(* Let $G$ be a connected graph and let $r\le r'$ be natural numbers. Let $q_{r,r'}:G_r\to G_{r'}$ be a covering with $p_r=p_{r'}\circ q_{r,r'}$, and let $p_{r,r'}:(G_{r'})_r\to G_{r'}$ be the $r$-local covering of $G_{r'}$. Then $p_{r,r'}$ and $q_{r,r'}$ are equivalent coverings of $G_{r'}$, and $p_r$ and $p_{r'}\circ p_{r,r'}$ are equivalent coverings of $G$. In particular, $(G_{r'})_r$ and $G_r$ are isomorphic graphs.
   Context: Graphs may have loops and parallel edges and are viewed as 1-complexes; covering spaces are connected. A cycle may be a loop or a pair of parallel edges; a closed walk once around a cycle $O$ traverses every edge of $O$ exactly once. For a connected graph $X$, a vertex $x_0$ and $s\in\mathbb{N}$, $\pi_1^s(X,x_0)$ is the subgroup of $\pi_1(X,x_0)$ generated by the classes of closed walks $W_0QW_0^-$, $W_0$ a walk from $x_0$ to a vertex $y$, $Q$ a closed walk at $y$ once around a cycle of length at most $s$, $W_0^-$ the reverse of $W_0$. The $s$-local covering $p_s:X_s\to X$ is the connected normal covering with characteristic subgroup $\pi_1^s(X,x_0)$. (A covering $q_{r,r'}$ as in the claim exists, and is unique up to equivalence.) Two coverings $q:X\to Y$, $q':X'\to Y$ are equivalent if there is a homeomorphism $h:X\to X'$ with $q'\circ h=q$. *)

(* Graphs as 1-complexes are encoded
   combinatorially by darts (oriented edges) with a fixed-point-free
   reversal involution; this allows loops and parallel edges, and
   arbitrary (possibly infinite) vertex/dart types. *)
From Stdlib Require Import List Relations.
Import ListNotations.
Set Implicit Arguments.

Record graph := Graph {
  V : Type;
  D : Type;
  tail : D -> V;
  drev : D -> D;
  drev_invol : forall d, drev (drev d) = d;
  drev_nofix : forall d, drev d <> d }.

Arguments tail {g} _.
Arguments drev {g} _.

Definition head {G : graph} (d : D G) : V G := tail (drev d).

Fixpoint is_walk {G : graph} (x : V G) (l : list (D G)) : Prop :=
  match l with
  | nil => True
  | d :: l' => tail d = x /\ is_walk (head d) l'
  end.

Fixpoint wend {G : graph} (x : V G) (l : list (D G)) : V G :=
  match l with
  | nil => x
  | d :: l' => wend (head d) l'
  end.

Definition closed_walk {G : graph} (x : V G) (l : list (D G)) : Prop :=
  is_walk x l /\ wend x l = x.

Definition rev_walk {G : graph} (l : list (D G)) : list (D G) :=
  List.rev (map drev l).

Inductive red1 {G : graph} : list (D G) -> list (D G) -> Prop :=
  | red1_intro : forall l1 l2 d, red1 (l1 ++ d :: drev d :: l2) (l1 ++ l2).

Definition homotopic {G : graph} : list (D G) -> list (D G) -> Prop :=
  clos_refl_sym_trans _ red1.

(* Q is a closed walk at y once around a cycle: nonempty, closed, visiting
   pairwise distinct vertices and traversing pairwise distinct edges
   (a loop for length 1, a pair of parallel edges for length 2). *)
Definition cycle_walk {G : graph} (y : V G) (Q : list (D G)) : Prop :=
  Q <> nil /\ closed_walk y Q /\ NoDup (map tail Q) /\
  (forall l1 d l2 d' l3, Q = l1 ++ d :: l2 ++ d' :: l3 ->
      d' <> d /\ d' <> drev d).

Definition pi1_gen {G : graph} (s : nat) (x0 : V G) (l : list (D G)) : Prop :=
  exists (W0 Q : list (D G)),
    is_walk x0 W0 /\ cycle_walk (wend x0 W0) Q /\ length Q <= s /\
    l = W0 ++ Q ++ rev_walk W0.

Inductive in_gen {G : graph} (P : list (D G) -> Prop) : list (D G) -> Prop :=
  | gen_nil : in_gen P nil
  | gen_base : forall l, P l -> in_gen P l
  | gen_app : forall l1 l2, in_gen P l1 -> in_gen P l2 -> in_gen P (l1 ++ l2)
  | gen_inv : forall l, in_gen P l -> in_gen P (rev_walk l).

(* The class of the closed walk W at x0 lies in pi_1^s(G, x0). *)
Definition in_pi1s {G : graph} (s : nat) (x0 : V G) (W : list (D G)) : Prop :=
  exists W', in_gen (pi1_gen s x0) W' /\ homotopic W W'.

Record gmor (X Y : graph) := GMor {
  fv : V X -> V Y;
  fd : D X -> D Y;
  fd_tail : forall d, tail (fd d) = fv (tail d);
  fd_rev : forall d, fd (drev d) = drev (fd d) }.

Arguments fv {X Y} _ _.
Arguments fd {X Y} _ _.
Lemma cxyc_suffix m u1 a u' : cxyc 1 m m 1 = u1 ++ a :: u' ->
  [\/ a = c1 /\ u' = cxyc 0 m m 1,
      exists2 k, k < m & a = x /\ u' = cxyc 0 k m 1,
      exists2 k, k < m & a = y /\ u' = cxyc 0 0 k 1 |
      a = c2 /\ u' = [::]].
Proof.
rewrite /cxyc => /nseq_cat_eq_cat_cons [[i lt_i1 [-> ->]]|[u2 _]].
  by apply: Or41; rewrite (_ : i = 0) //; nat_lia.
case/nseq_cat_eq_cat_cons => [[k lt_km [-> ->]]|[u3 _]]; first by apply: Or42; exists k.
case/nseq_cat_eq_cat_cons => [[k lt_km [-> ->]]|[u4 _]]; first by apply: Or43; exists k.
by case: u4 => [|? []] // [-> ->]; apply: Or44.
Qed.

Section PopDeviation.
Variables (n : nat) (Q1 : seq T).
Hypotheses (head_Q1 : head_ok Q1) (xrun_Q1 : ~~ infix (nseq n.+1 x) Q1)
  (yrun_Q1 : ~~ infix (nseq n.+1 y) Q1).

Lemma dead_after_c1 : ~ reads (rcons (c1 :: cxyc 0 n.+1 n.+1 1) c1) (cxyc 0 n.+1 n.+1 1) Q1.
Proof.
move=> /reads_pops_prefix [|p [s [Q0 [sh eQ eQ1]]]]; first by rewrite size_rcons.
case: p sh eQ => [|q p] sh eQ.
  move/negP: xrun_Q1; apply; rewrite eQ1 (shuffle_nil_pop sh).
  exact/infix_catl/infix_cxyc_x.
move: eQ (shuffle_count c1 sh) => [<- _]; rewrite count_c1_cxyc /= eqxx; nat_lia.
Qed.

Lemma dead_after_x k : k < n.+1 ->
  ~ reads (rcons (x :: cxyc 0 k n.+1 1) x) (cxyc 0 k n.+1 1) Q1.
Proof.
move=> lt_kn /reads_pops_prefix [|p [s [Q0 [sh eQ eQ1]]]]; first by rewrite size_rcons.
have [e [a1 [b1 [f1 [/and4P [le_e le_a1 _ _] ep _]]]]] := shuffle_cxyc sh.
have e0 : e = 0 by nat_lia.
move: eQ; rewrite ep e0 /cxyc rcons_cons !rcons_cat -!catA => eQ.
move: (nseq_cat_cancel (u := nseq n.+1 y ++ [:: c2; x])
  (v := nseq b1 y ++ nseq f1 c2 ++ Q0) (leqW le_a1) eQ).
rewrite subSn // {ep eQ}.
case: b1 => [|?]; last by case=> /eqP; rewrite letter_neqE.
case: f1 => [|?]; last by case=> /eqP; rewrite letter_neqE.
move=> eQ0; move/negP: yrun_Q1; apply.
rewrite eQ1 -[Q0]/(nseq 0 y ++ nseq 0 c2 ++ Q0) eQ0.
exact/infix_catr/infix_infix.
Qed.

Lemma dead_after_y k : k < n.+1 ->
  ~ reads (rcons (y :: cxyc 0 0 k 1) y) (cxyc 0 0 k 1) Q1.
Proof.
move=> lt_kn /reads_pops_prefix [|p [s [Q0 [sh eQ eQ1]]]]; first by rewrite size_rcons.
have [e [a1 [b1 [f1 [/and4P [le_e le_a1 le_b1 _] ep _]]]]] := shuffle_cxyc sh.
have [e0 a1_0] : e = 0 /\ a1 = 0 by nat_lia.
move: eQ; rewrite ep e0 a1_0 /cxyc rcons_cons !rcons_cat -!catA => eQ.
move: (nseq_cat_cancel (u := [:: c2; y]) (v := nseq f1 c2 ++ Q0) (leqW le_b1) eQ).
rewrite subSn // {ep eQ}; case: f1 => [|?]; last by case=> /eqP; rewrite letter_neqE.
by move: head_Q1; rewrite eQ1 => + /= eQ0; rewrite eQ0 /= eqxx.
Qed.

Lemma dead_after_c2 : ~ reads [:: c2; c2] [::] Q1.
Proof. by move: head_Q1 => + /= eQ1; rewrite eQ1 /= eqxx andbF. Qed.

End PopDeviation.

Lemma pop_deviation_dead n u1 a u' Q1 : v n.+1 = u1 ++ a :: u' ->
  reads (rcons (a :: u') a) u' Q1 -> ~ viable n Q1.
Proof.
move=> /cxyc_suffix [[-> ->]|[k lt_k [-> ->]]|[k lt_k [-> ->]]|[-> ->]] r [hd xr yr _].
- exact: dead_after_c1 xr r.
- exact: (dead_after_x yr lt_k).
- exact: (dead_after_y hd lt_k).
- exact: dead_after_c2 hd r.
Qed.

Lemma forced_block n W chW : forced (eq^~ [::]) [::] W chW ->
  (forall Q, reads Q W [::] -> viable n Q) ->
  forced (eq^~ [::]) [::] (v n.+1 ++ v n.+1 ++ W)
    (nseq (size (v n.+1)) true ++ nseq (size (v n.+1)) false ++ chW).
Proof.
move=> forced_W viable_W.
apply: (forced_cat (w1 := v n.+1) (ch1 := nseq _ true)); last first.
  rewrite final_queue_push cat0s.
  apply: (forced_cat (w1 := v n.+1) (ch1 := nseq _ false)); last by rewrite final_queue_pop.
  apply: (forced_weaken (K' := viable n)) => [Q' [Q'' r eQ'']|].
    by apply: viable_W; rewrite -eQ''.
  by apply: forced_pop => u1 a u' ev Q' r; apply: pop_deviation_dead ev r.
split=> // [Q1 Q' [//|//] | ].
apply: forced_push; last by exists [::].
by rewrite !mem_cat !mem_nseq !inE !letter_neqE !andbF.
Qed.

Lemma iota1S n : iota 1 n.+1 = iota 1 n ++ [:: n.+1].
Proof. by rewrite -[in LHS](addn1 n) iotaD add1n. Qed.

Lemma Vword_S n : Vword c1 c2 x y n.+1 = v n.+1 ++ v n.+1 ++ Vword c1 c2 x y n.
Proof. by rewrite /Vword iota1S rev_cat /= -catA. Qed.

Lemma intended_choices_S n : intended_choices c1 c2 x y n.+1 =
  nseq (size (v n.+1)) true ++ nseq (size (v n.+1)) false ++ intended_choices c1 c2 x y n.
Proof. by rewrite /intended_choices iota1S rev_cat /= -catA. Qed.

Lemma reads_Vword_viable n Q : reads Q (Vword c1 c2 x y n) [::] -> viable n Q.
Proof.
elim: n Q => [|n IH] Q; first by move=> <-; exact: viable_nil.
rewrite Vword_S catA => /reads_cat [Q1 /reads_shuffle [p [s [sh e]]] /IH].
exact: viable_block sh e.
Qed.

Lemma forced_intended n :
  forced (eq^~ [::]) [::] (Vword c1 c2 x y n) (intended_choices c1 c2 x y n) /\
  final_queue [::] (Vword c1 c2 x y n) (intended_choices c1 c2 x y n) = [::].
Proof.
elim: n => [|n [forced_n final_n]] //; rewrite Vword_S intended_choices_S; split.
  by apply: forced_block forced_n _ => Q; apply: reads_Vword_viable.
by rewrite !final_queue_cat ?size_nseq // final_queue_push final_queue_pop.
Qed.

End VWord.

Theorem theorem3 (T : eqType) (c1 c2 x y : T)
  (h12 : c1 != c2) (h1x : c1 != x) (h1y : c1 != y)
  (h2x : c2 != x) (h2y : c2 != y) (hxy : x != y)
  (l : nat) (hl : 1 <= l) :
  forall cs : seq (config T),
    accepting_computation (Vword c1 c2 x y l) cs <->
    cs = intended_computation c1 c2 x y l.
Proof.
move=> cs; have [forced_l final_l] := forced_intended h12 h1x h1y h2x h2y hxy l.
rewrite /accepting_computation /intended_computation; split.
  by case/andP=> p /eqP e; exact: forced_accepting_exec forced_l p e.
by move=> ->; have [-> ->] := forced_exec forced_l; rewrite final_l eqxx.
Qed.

[THE TASK] Up to and including the line with "nil => True", repeat the entries exactly, beginning at their first line.

[FINISHED TASK]
(* Let $G$ be a connected graph and let $r\le r'$ be natural numbers. Let $q_{r,r'}:G_r\to G_{r'}$ be a covering with $p_r=p_{r'}\circ q_{r,r'}$, and let $p_{r,r'}:(G_{r'})_r\to G_{r'}$ be the $r$-local covering of $G_{r'}$. Then $p_{r,r'}$ and $q_{r,r'}$ are equivalent coverings of $G_{r'}$, and $p_r$ and $p_{r'}\circ p_{r,r'}$ are equivalent coverings of $G$. In particular, $(G_{r'})_r$ and $G_r$ are isomorphic graphs.
   Context: Graphs may have loops and parallel edges and are viewed as 1-complexes; covering spaces are connected. A cycle may be a loop or a pair of parallel edges; a closed walk once around a cycle $O$ traverses every edge of $O$ exactly once. For a connected graph $X$, a vertex $x_0$ and $s\in\mathbb{N}$, $\pi_1^s(X,x_0)$ is the subgroup of $\pi_1(X,x_0)$ generated by the classes of closed walks $W_0QW_0^-$, $W_0$ a walk from $x_0$ to a vertex $y$, $Q$ a closed walk at $y$ once around a cycle of length at most $s$, $W_0^-$ the reverse of $W_0$. The $s$-local covering $p_s:X_s\to X$ is the connected normal covering with characteristic subgroup $\pi_1^s(X,x_0)$. (A covering $q_{r,r'}$ as in the claim exists, and is unique up to equivalence.) Two coverings $q:X\to Y$, $q':X'\to Y$ are equivalent if there is a homeomorphism $h:X\to X'$ with $q'\circ h=q$. *)

(* Graphs as 1-complexes are encoded
   combinatorially by darts (oriented edges) with a fixed-point-free
   reversal involution; this allows loops and parallel edges, and
   arbitrary (possibly infinite) vertex/dart types. *)
From Stdlib Require Import List Relations.
Import ListNotations.
Set Implicit Arguments.

Record graph := Graph {
  V : Type;
  D : Type;
  tail : D -> V;
  drev : D -> D;
  drev_invol : forall d, drev (drev d) = d;
  drev_nofix : forall d, drev d <> d }.

Arguments tail {g} _.
Arguments drev {g} _.

Definition head {G : graph} (d : D G) : V G := tail (drev d).

Fixpoint is_walk {G : graph} (x : V G) (l : list (D G)) : Prop :=
  match l with
  | nil => True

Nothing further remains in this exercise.